AI Infrastructure — Quick Reference

One-Line Definition

The AI infrastructure layer is the compute, storage, networking, caching, and orchestration substrate that transforms LLM API calls and vector operations into reliable, scalable, cost-managed enterprise services.

Section Map

Chapter	Core Topic	Key Decision
01	Vector Databases	HNSW vs. IVF; hosted vs. self-managed
02	LLM Serving	vLLM vs. managed API; quantization level
03	Cloud AI Platforms	AWS Bedrock vs. Azure OpenAI vs. Vertex AI
04	Data Pipelines	Chunking strategy; incremental vs. full re-index
05	Orchestration	Airflow vs. Temporal; durable workflows
06	Caching	Semantic cache threshold; TTL by document type
07	GPU Infrastructure	VRAM planning; quantization vs. quality trade-off
08	API Gateway	Token rate limits; circuit breaker; PHI logging policy

Vector Database — Quick Reference

ANN Index Selection

Index	Best For	Parameters	Trade-off
HNSW	Low-latency similarity search	M (graph edges), ef_construction (build quality), ef (query beam)	High memory; best recall
IVF	Large-scale filtered search	nlists (clusters), nprobe (lists to search)	Coarser recall; supports pre-filtering
Flat	Ground truth / evaluation	None	Exact — no approximation; doesn't scale

HNSW Parameter Rule of Thumb

text

M = 16–64          (higher = better recall, more memory)
ef_construction = 200–400   (build time quality; set once)
ef = 50–200        (query time beam; increase for higher recall at cost of speed)

Metadata Filtering

Pre-filter (IVF): filter on metadata before ANN search — correct for sparse results after filter
Post-filter (HNSW): ANN search then filter — risks returning fewer results than requested

LLM Serving — Quick Reference

vLLM Production Command

bash

vllm serve <model-id> \
    --dtype float16 \
    --max-model-len 8192 \
    --gpu-memory-utilization 0.85 \
    --enable-prefix-caching \
    --disable-log-requests \   # PHI safety
    --api-key ${VLLM_API_KEY}

Quantization Selection

Precision	VRAM	Quality Impact	Use When
FP16	Baseline	None	Default; VRAM available
INT8	~50%	Near-identical; evaluate per task	First quantization choice
GPTQ/AWQ (4-bit)	~75%	Noticeable on complex reasoning	VRAM constrained; less accuracy-critical

Key vLLM Metrics

text

vllm:gpu_cache_usage_perc    → alert >90% (capacity pressure)
vllm:num_waiting_seqs        → alert >20 sustained (scale out)
vllm:time_to_first_token     → alert p95 >2s (latency SLO)

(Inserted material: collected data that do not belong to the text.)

Lemma horizontal_chain_span :
  exists C, forall eta, 0 < eta -> forall (z : nat -> R * R) (N : nat) (h : R),
    (forall j, (j <= N)%nat -> F (z j) /\ snd (z j) = h) ->
    (forall j, (j < N)%nat -> Rabs (fst (z (S j)) - fst (z j)) <= eta) ->
    Rabs (fst (z N) - fst (z 0%nat)) <= C * eta.
Proof.
  destruct (ssc_separation lam ts F HF Hl0 Hssc) as (d & Hd & Hsep).
  pose proof HF as ([z0 Hz0] & [B HB] & _ & _).
  assert (Hwidth : forall v v', F v -> F v' -> Rabs (fst v - fst v') <= 2 * B).
  { intros v v' Hv Hv'. destruct (HB v Hv) as [Hv1 _], (HB v' Hv') as [Hv1' _].
    pose proof (Rabs_triang (fst v) (- fst v')) as Htri. rewrite Rabs_Ropp in Htri.
    unfold Rminus. lra. }
  assert (HB0 : 0 <= B) by (destruct (HB z0 Hz0) as [H _]; pose proof (Rabs_pos (fst z0)); lra).
  assert (Hl : 0 < Rabs lam) by lra.
  exists (2 * B / (d * Rabs lam)). intros eta Heta z N h Hz Hstep.
  assert (HC : 2 * B / (d * Rabs lam) * eta = 2 * B * (eta / (d * Rabs lam))) by (field; lra).
  rewrite HC.
  destruct (Rle_or_lt d eta) as [Hbig|Hsmall].
  - assert (1 <= eta / (d * Rabs lam)).
    { apply (Rmult_le_reg_r (d * Rabs lam)); [nra|].
      replace (eta / (d * Rabs lam) * (d * Rabs lam)) with eta by (field; lra). nra. }
    pose proof (Hwidth (z N) (z 0%nat) (proj1 (Hz N (le_n N))) (proj1 (Hz 0%nat ltac:(lia)))).
    nra.
  - destruct (pow_bracket lam eta d Hlam ltac:(lra)) as (m & Hm1 & Hm2).
    destruct (Hz 0%nat ltac:(lia)) as [Hz0' Hh0].
    destruct (close_points_share_address d Hd Hsep m _ _ Hz0' Hz0')
      as (M0 & v0 & _ & HM0 & HlM0 & Hv0 & _ & E0 & _).
    { split; rewrite Rminus_diag, Rabs_R0; apply Rmult_lt_0_compat; auto; apply pow_lt; lra. }
    assert (Hcyl : forall j, (j <= N)%nat -> exists v, F v /\ z j = phi_word lam ts M0 v).
    { induction j as [|j IH]; intros Hj; [now exists v0|].
      destruct (IH ltac:(lia)) as (v & Hv & Ev).
      destruct (Hz j ltac:(lia)) as [Hzj Hhj]. destruct (Hz (S j) Hj) as [HzSj HhSj].
      destruct (close_points_share_address d Hd Hsep m _ _ HzSj Hzj)
        as (M & a & a' & HM & HlM & Ha & Ha' & Ea & Ea').
      { split; [pose proof (Hstep j ltac:(lia)); lra|].
        rewrite HhSj, Hhj, Rminus_diag, Rabs_R0. apply Rmult_lt_0_compat; auto; apply pow_lt; lra. }
      assert (M = M0).
      { apply (phi_word_address_unique M M0 a' v); auto; try lia. now rewrite <- Ea', Ev. }
      subst M. now exists a. }
    destruct (Hcyl N (le_n N)) as (vN & HvN & EN).
    rewrite EN, E0, !phi_word_fst.
    replace (fst vN) with (fst v0 + (fst vN - fst v0)) by ring.
    rewrite psi_word_shift, HlM0.
    replace (psi_word lam ts M0 (fst v0) + lam ^ m * (fst vN - fst v0) - psi_word lam ts M0 (fst v0))
      with (lam ^ m * (fst vN - fst v0)) by ring.
    rewrite Rabs_mult, <- RPow_abs.
    assert (Rabs lam ^ m <= eta / (d * Rabs lam)).
    { apply (Rmult_le_reg_r (d * Rabs lam)); [nra|].
      replace (eta / (d * Rabs lam) * (d * Rabs lam)) with eta by (field; lra). simpl in Hm1. nra. }
    pose proof (Hwidth vN v0 HvN Hv0). pose proof (pow_le (Rabs lam) m (Rabs_pos lam)).
    pose proof (Rabs_pos (fst vN - fst v0)). nra.
Qed.

End Addresses.

Lemma embedded_horizontal_chain (lam : R) (ts : list (R * R)) (F : R * R -> Prop)
  (gamma : R) (t : R * R) (D : R -> Prop) (p N : nat) (x0 : R) :
  (forall w, F w -> F (gamma * fst w + fst t, snd t)) ->
  proj_x F x0 -> shifts_absorbed lam ts F D p -> dense_on D 0 (INR N) ->
  exists z : nat -> R * R,
    (forall j, (j <= N)%nat -> F (z j) /\ snd (z j) = snd t) /\
    (forall j, (j < N)%nat -> Rabs (fst (z (S j)) - fst (z j)) <= 3 * Rabs (gamma * lam ^ p)) /\
    Rabs (gamma * lam ^ p) * (INR N - 2) <= Rabs (fst (z N) - fst (z 0%nat)).
Proof.
  intros Hsub Hx0 (I & HI & HlI & HG) HD.
  destruct (choice (fun j s => (j <= N)%nat -> D s /\ Rabs (INR j - s) <= 1)) as [s Hs].
  { intros j. destruct (Nat.le_gt_cases j N) as [Hj|Hj].
    - destruct (HD (INR j)) as (s & Hs & Hjs); [split; [apply pos_INR|apply le_INR in Hj; lra]|].
      now exists s.
    - exists 0. lia. }
  set (alpha := gamma * lam ^ p).
  set (b := gamma * psi_word lam ts I x0 + fst t).
  exists (fun j => (gamma * psi_word lam ts I (x0 + s j) + fst t, snd t)).
  assert (Hz : forall j, gamma * psi_word lam ts I (x0 + s j) + fst t = b + alpha * s j).
  { intros j. rewrite psi_word_shift, HlI. unfold alpha, b. ring. }
  simpl. split; [|split].
  - intros j Hj. split; [|reflexivity].
    destruct (HG (s j) x0 (proj1 (Hs j Hj)) Hx0) as [y Hy]. exact (Hsub _ Hy).
  - intros j Hj. rewrite !Hz.
    replace (b + alpha * s (S j) - (b + alpha * s j))
      with (alpha * ((s (S j) - INR (S j)) + 1 + (INR j - s j))) by (rewrite S_INR; ring).
    destruct (Hs (S j) Hj) as [_ H1]. destruct (Hs j ltac:(lia)) as [_ H2].
    rewrite Rabs_minus_sym in H1.
    rewrite Rabs_mult, (Rmult_comm 3). apply Rmult_le_compat_l; [apply Rabs_pos|].
    pose proof (Rabs_triang (s (S j) - INR (S j) + 1) (INR j - s j)).
    pose proof (Rabs_triang (s (S j) - INR (S j)) 1). rewrite Rabs_R1 in *. lra.
  - rewrite !Hz. replace (b + alpha * s N - (b + alpha * s 0%nat)) with (alpha * (s N - s 0%nat))
      by ring.
    rewrite Rabs_mult. apply Rmult_le_compat_l; [apply Rabs_pos|].
    destruct (Hs N (le_n N)) as [_ HsN]. destruct (Hs 0%nat ltac:(lia)) as [_ Hs0].
    simpl in Hs0. rewrite Rminus_0_l, Rabs_Ropp in Hs0.
    pose proof (Rle_abs (INR N - s N)). pose proof (Rle_abs (s 0%nat)).
    pose proof (Rle_abs (s N - s 0%nat)). lra.
Qed.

Cloud AI Platform — Quick Reference

Dimension	AWS Bedrock	Azure OpenAI	Google Vertex AI
Auth	IAM / boto3	Entra ID / AzureOpenAI	Service Account / vertexai SDK
Private networking	VPC endpoint	Private Link + VNet	Private Service Connect
HIPAA BAA	Available	Available	Available
Training data opt-out	Yes	Yes (PTU)	Yes (Vertex agreements)
Model selection	Anthropic, Meta, Mistral, Titan	OpenAI models	Google Gemini + tuned models
Unique strength	AWS ecosystem; Guardrails	Microsoft enterprise agreements	BigQuery / Analytics integration

LiteLLM Multi-Provider Abstraction

python

from litellm import completion

# Identical call syntax across providers
response = completion(
    model="anthropic/claude-opus-4-8",     # or "azure/gpt-4o" or "vertex_ai/gemini-pro"
    messages=[{"role": "user", "content": "..."}]
)

Data Pipeline — Quick Reference

Chunking Strategy by Document Type

Document Type	Preferred Strategy	Rationale
Clinical guidelines	Section-boundary	Keeps recommendations intact
Unstructured clinical notes	Fixed-size with overlap	No reliable structure markers
Drug formulary (table data)	Row-per-chunk	Each row is a retrieval unit
Policy documents	Paragraph-boundary	Semantic units align with paragraphs

Incremental Pipeline Pattern

python

# Skip unchanged documents using content hash
content_hash = hashlib.sha256(content).hexdigest()
if existing_hash == content_hash:
    skip()   # No change detected

Update Cadence by Document Type (Illustrative)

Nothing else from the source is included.